Observation of Efimov molecules created from a resonantly interacting Bose gas

We convert a strongly interacting ultracold Bose gas into a mixture of atoms and molecules by sweeping the interactions from resonant to weak. By analyzing the decay dynamics of the molecular gas, we show that in addition to Feshbach dimers it contains Efimov trimers. Typically around 8% of the total atomic population is bound into trimers, identified by their density-independent lifetime of about 100μs. The lifetime of the Feshbach dimers shows a density dependence due to inelastic atom-dimer collisions, in agreement with theoretical calculations. We also vary the density of the gas across a factor of 250 and investigate the corresponding atom loss rate at the interaction resonance.

arXiv:1704.01206 (2017)


Universal dynamics of a degenerate unitary Bose gas

The microscopic structure of the first-discovered quantum fluid, superfluid liquid helium, is difficult to access owing to limited experimental probes. Although an ultracold atomic Bose gas with tunable interactions had been proposed as an alternative strongly interacting Bose system, experimental progress has been limited by its short lifetime. Here we present time-resolved measurements of the momentum distribution of a Bose-condensed gas that is suddenly jumped to unitarity. Contrary to expectation, we observe that the gas lives long enough to permit the momentum to evolve to a quasi-steady-state distribution, consistent with universality, while remaining degenerate.

Nature Physics 10, 116–119 (2014). arXiv.


Contact Measurements on Atomic BEC

A powerful set of universal relations, centered on a quantity called the contact, connects the strength of short-range two-body correlations to the thermodynamics of a many-body system with zero-range interactions. We report on measurements of the contact, using rf spectroscopy, for an 85Rb atomic Bose-Einstein condensate (BEC). For bosons, the fact that contact spectroscopy can be used to probe the gas on short time scales is useful given the decreasing stability of BECs with increasing interactions. A complication is the added possibility, for bosons, of three-body interactions. In investigating this issue, we have located an Efimov resonance for 85Rb atoms with loss measurements and thus determined the three-body interaction parameter. In our contact spectroscopy, in a region of observable beyond-mean- field effects, we find no measurable contribution from three-body physics.

Phys. Rev. Lett. 108, 145305 (2012). arXiv


Photon Counting for Bragg Spectroscopy of Quantum Gases

We demonstrate a photon-counting technique for detecting Bragg excitation of an ultracold gas of atoms. By measuring the response of the light field to the atoms, we derive a signal independent of traditional time-of-flight atom-imaging techniques. With heterodyne detection we achieve photon shot-noise limited detection of the amplification or depletion of one of the Bragg laser beams. Photon counting for Bragg spectroscopy will be useful for strongly interacting gases where atom-imaging detection fails. In addition, this technique provides the ability to resolve the evolution of excitations as a function of pulse duration.
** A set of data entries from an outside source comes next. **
(* For every $i$ with $0\le i\le \rho(m)-1$, the sequence $x^{\alpha_i}$ satisfies $x^{\alpha_i}(k)=1$.
   Context: For $u\in\mathbb{R}$ let $\mathbf 1[u]=1$ if $u\ge 0$ and $\mathbf 1[u]=0$ if $u<0$. Let $m$ be a positive integer and let $\rho(m)$ denote the number of primes $p$ with $2m<p<3m$; assume $\rho(m)\ge 2$. List these primes as $p_0>p_1>\dots>p_{\rho(m)-1}$ and put $\alpha_i=3m-p_i$. Let $k=(6m-1)\rho(m)$, $\mu_i=\lfloor k/p_i\rfloor$, $\beta_i=k-p_i\mu_i$. Define weights $\bar a_j$, $1\le j\le k$: if $\rho(m)$ is even, $\bar a_j=2$ if $j=\ell p_i$ for some $i$ and some $\ell$ with $1\le \ell\le 3\rho(m)/2$, $\bar a_j=-2$ if $j=\ell p_i$ with $3\rho(m)/2<\ell\le 2\rho(m)$, and $\bar a_j=0$ otherwise; if $\rho(m)$ is odd, $\bar a_j=2$ if $j=\ell p_i$ with $1\le\ell\le (3\rho(m)-1)/2$, $\bar a_j=-2$ if $j=\ell p_i$ with $(3\rho(m)+1)/2\le \ell\le 2\rho(m)-2$, $\bar a_j=-1$ if $j=\ell p_i$ with $\ell\in\{2\rho(m)-1,2\rho(m)\}$, and $\bar a_j=0$ otherwise (well defined since the sets $\{\ell p_i:1\le\ell\le2\rho(m)\}$ are pairwise disjoint). Let $\bar\theta=2\rho(m)$. For each $i$ define $x^{\alpha_i}(t)$ for $0\le t\le k-1$ by $x^{\alpha_i}(t)=1$ if $t=\beta_i+\ell p_i$ for some $0\le \ell\le\mu_i-1$ and $x^{\alpha_i}(t)=0$ otherwise, and for $t\ge k$ by $x^{\alpha_i}(t)=\mathbf 1\big[\sum_{j=1}^k \bar a_j x^{\alpha_i}(t-j)-\bar\theta\big]$. *)

From mathcomp Require Import all_boot all_order all_algebra.
Set Implicit Arguments. Unset Strict Implicit. Unset Printing Implicit Defensive.
Import GRing.Theory Num.Theory.

(* primes p with 2m < p < 3m, listed in decreasing order p_0 > p_1 > ... *)
Definition primes_dec (m : nat) : seq nat :=
  rev [seq p <- iota (2 * m).+1 (m.-1) | prime p].

Definition rho (m : nat) : nat := size (primes_dec m).

Definition pr (m i : nat) : nat := nth 0 (primes_dec m) i.

Definition alpha (m i : nat) : nat := 3 * m - pr m i.

Definition kk (m : nat) : nat := (6 * m - 1) * rho m.

Definition mu (m i : nat) : nat := kk m %/ pr m i.

Definition beta (m i : nat) : nat := kk m - pr m i * mu m i.

(* weight attached to j = l * p_i, 1 <= l <= 2 rho *)
Definition wt (r l : nat) : int :=
  if ~~ odd r then
    (if l <= (3 * r)./2 then Posz 2 else Negz 1)
  else
    (if l <= (3 * r - 1)./2 then Posz 2
     else if l <= 2 * r - 2 then Negz 1 else Negz 0).

Definition abar (m j : nat) : int :=
  let ps := primes_dec m in
  let P := fun p => (p %| j) && (1 <= j %/ p <= 2 * rho m) in
  let i := find P ps in
  if i < size ps then wt (rho m) (j %/ nth 0 ps i) else Posz 0.

Definition theta (m : nat) : int := Posz (2 * rho m).

(* initial segment of x^{alpha_i} on 0 <= t <= k-1 *)
Definition xinit (m i t : nat) : nat :=
  if [exists l : 'I_(mu m i), t == beta m i + l * pr m i] then 1 else 0.

(* value at time t given the list prev = [x(0); ...; x(t-1)] *)
Definition xstep (m i t : nat) (prev : seq nat) : nat :=
  if t < kk m then xinit m i t
  else if (theta m <= \sum_(1 <= j < (kk m).+1) abar m j * Posz (nth 0 prev (t - j)))%R
       then 1 else 0.

Fixpoint xlist (m i n : nat) : seq nat :=
  match n with
  | 0 => [::]
  | n'.+1 => let prev := xlist m i n' in rcons prev (xstep m i n' prev)
  end.

Definition xseq (m i t : nat) : nat := nth 0 (xlist m i t.+1) t.

From mathcomp Require Import all_boot all_order all_algebra.
From mathcomp Require Import zify.
Set Implicit Arguments. Unset Strict Implicit. Unset Printing Implicit Defensive.
Import GRing.Theory.

(* Fix a prime p = p_i of (2m, 3m) and write k = mu p + beta.
   The first step of the recursion, at time k, reads the initial segment:
   x(k - j) = 1 for 1 <= j <= k exactly when p divides j, since
   k - l' p = beta + (mu - l') p.  Because the sets {l q : 1 <= l <= 2 rho}
   for distinct primes q in (2m, 3m) are disjoint, the weight at j = l p is
   wt rho l when l <= 2 rho and 0 otherwise.  Hence the sum feeding the
   threshold is  sum_{1 <= l <= mu} [l <= 2 rho] wt rho l, and since
   mu >= 2 rho this is sum_{l = 1}^{2 rho} wt rho l = 2 rho = theta, so the
   threshold unit fires. *)

Lemma size_xlist m i n : size (xlist m i n) = n.
Proof. by elim: n => //= n IH; rewrite size_rcons IH. Qed.

Lemma nth_xlist m i n t :
  t < n -> nth 0 (xlist m i n) t = xstep m i t (xlist m i t).
Proof.
elim: n => // n IH lt_tn; rewrite /= nth_rcons size_xlist.
case: ltnP => [lt_tn' | le_nt]; first exact: IH.
have -> : t = n by lia.
by rewrite eqxx.
Qed.

Lemma nth_xlist_init m i n t :
  t < n -> t < kk m -> nth 0 (xlist m i n) t = xinit m i t.
Proof. by move=> lt_tn lt_tk; rewrite nth_xlist // /xstep lt_tk. Qed.

Lemma mem_primes_dec m q :
  q \in primes_dec m -> prime q /\ 2 * m < q < 3 * m.
Proof.
rewrite /primes_dec mem_rev mem_filter mem_iota => /andP [pr_q hq].
by split => //; lia.
Qed.

Lemma pr_bounds m i : i < rho m -> prime (pr m i) /\ 2 * m < pr m i < 3 * m.
Proof. by move=> lt_i; exact: mem_primes_dec (mem_nth 0 lt_i). Qed.

(* The interval (2m, 3m) contains only m - 1 integers; this bound is what
   makes the multipliers j / q <= 2 rho smaller than the primes. *)
Lemma rho_le m : rho m <= m.-1.
Proof.
rewrite /rho /primes_dec size_rev size_filter.
by rewrite (leq_trans (count_size _ _)) // size_iota.
Qed.

(* Disjointness of the multiple sets: if two listed primes divide j and
   j / q <= 2 rho, then they coincide (otherwise p | j / q < 2m < p). *)
Lemma primes_dec_multiple_uniq m p q j :
  p \in primes_dec m -> q \in primes_dec m ->
  p %| j -> q %| j -> 0 < j %/ q <= 2 * rho m -> q = p.
Proof.
move=> p_in q_in p_j q_j hjq.
have [pr_p hp] := mem_primes_dec p_in; have [pr_q hq] := mem_primes_dec q_in.
have hr := rho_le m.
case: (eqVneq q p) => // neq_qp.
have cop : coprime p q by rewrite prime_coprime // dvdn_prime2 // eq_sym.
have : p %| q * (j %/ q) by rewrite mulnC divnK.
rewrite Gauss_dvdr // => /dvdn_leq; lia.
Qed.

Definition wt_trunc (r l : nat) : int := if l <= 2 * r then wt r l else 0.

Lemma abar_multiple m p j :
  p \in primes_dec m -> p %| j -> 0 < j -> abar m j = wt_trunc (rho m) (j %/ p).
Proof.
move=> p_in p_j j_gt0; rewrite /abar /wt_trunc /=.
set P := fun q => (q %| j) && (1 <= j %/ q <= 2 * rho m).
have [pr_p _] := mem_primes_dec p_in.
have jp_gt0 : 0 < j %/ p by rewrite divn_gt0 ?prime_gt0 // dvdn_leq.
have found q : q \in primes_dec m -> P q -> q = p.
  by move=> q_in /andP [q_j hjq]; exact: primes_dec_multiple_uniq q_j hjq.
case: ifP => [lt_find | /negbT]; last first.
  rewrite -has_find => /hasPn /(_ p p_in); rewrite /P p_j jp_gt0 /=.
  by move/negbTE ->.
have has_P : has P (primes_dec m) by rewrite has_find.
have := nth_find 0 has_P; have := mem_nth 0 lt_find.
set q := nth 0 _ _ => q_in P_q.
by move: (P_q); rewrite (found q q_in P_q) => /and3P [_ _ ->].
Qed.

Lemma xinit_from_top m i j :
  0 < pr m i -> 0 < j <= kk m -> xinit m i (kk m - j) = (pr m i %| j).
Proof.
set p := pr m i; move=> p_gt0 /andP [j_gt0 le_jk].
have kdef : kk m = mu m i * p + beta m i.
  by rewrite /beta /mu -/p; have := divn_eq (kk m) p; lia.
rewrite /xinit -/p; case: (boolP (p %| j)) => p_j.
  rewrite ifT //; apply/existsP.
  have le_mu : j %/ p <= mu m i by rewrite /mu -/p leq_divRL // divnK.
  have jp_gt0 : 0 < j %/ p by rewrite divn_gt0 // dvdn_leq.
  have lt_l : mu m i - j %/ p < mu m i by lia.
  exists (Ordinal lt_l); apply/eqP => /=.
  by rewrite mulnBl divnK //; move: (leq_mul le_mu (leqnn p)); rewrite divnK //; lia.
rewrite ifF //; apply/negbTE/negP => /existsP [[l lt_l] /= /eqP e].
move/negP: p_j; apply; apply/dvdnP; exists (mu m i - l).
by rewrite mulnBl; move: (leq_mul (ltnW lt_l) (leqnn p)) => h; lia.
Qed.

(* The prime p_i is at most 3m - 1, so k = (6m - 1) rho >= 2 rho p_i. *)
Lemma two_rho_le_mu m i : i < rho m -> 2 * rho m <= mu m i.
Proof.
move=> lt_i; have [pr_p hp] := pr_bounds lt_i.
rewrite /mu leq_divRL ?prime_gt0 // /kk.
have : pr m i <= 3 * m - 1 by lia.
by move/(leq_mul (leqnn (2 * rho m))); lia.
Qed.

Lemma sum_multiples (G : nat -> int) p N : 0 < p ->
  (\sum_(1 <= j < N.+1) (if (p %| j)%N then G (j %/ p)%N else 0)
   = \sum_(1 <= l < (N %/ p)%N.+1) G l)%R.
Proof.
move=> p_gt0; elim: N => [|N IH]; first by rewrite div0n !big_geq.
rewrite big_nat_recr //= IH divnS //.
by case: (p %| N.+1); rewrite ?add0n ?addr0 // add1n [RHS]big_nat_recr.
Qed.

(* The weights wt r 1, ..., wt r (2r) add up to 2r = theta; this is where
   rho >= 2 is needed (for r = 1 the sum is 1). *)
Lemma wt_sum r : 2 <= r -> (\sum_(1 <= l < (2 * r).+1) wt r l = Posz (2 * r))%R.
Proof.
move=> hr; case: (boolP (odd r)) => odd_r.
  rewrite (big_cat_nat _ (n := ((3 * r - 1)./2).+1)) /=; [|lia|lia].
  rewrite (eq_big_nat _ _ (F2 := fun=> Posz 2)); last first.
    by move=> l hl; rewrite /wt odd_r /= ifT //; lia.
  rewrite [X in (_ + X)%R](big_cat_nat _ (n := (2 * r - 2).+1)) /=; [|lia|lia].
  rewrite [X in (_ + (X + _))%R](eq_big_nat _ _ (F2 := fun=> Negz 1)); last first.
    by move=> l hl; rewrite /wt odd_r /= ifF ?ifT //; lia.
  rewrite [X in (_ + (_ + X))%R](eq_big_nat _ _ (F2 := fun=> Negz 0)); last first.
    by move=> l hl; rewrite /wt odd_r /= ifF ?ifF //; lia.
  by rewrite !sumr_const_nat; lia.
rewrite (big_cat_nat _ (n := ((3 * r)./2).+1)) /=; [|lia|lia].
rewrite (eq_big_nat _ _ (F2 := fun=> Posz 2)); last first.
  by move=> l hl; rewrite /wt (negbTE odd_r) /= ifT //; lia.
rewrite [X in (_ + X)%R](eq_big_nat _ _ (F2 := fun=> Negz 1)); last first.
  by move=> l hl; rewrite /wt (negbTE odd_r) /= ifF //; lia.
by rewrite !sumr_const_nat; lia.
Qed.

Lemma wt_trunc_sum r n : 2 <= r -> 2 * r <= n ->
  (\sum_(1 <= l < n.+1) wt_trunc r l = Posz (2 * r))%R.
Proof.
move=> hr le_n; rewrite /wt_trunc (big_cat_nat _ (n := (2 * r).+1)) //=.
rewrite [X in (_ + X)%R]big1_seq => [|l]; last first.
  by move=> /andP [_]; rewrite mem_index_iota => /andP [h _]; rewrite ifF //; lia.
rewrite addr0 -(wt_sum hr); apply: eq_big_nat => l /andP [_ h].
by rewrite ifT //; lia.
Qed.

Theorem lemma5 (m : nat) (hm : 0 < m) (hrho : 2 <= rho m) :
  forall i, i < rho m -> xseq m i (kk m) = 1.
Proof.
move=> i lt_i.
rewrite /xseq nth_xlist // /xstep ltnn.
set p := pr m i; set r := rho m.
have p_in : p \in primes_dec m by apply: mem_nth.
have p_gt0 : 0 < p by have [pr_p _] := pr_bounds lt_i; exact: prime_gt0.
have reduce : (\sum_(1 <= j < (kk m).+1)
                 abar m j * Posz (nth 0 (xlist m i (kk m)) (kk m - j))
               = \sum_(1 <= j < (kk m).+1)
                 (if (p %| j)%N then wt_trunc r (j %/ p)%N else 0))%R.
  apply: eq_big_nat => j /andP [j_gt0 le_jk].
  rewrite nth_xlist_init; [|lia|lia].
  rewrite xinit_from_top ?j_gt0 // -/p.
  case: ifP => [p_j | _]; last by rewrite mulr0.
  by rewrite mulr1 (abar_multiple p_in p_j j_gt0).
rewrite reduce sum_multiples // wt_trunc_sum ?two_rho_le_mu //.
by rewrite Order.POrderTheory.lexx.
Qed.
Phys. Rev. A 83, 033615 (2011). arXiv


Bragg spectroscopy of a strongly interacting 85Rb Bose-Einstein condensate

We report on measurements of the excitation spectrum of a strongly interacting Bose-Einstein condensate. A magnetic-field Feshbach resonance is used to tune atom-atom interactions in the condensate and to reach a regime where quantum depletion and beyond mean-field corrections to the condensate chemical potential are significant. We use two-photon Bragg spectroscopy to probe the condensate excitation spectrum; our results demonstrate the onset of beyond mean-field effects in a gaseous Bose-Einstein condensate.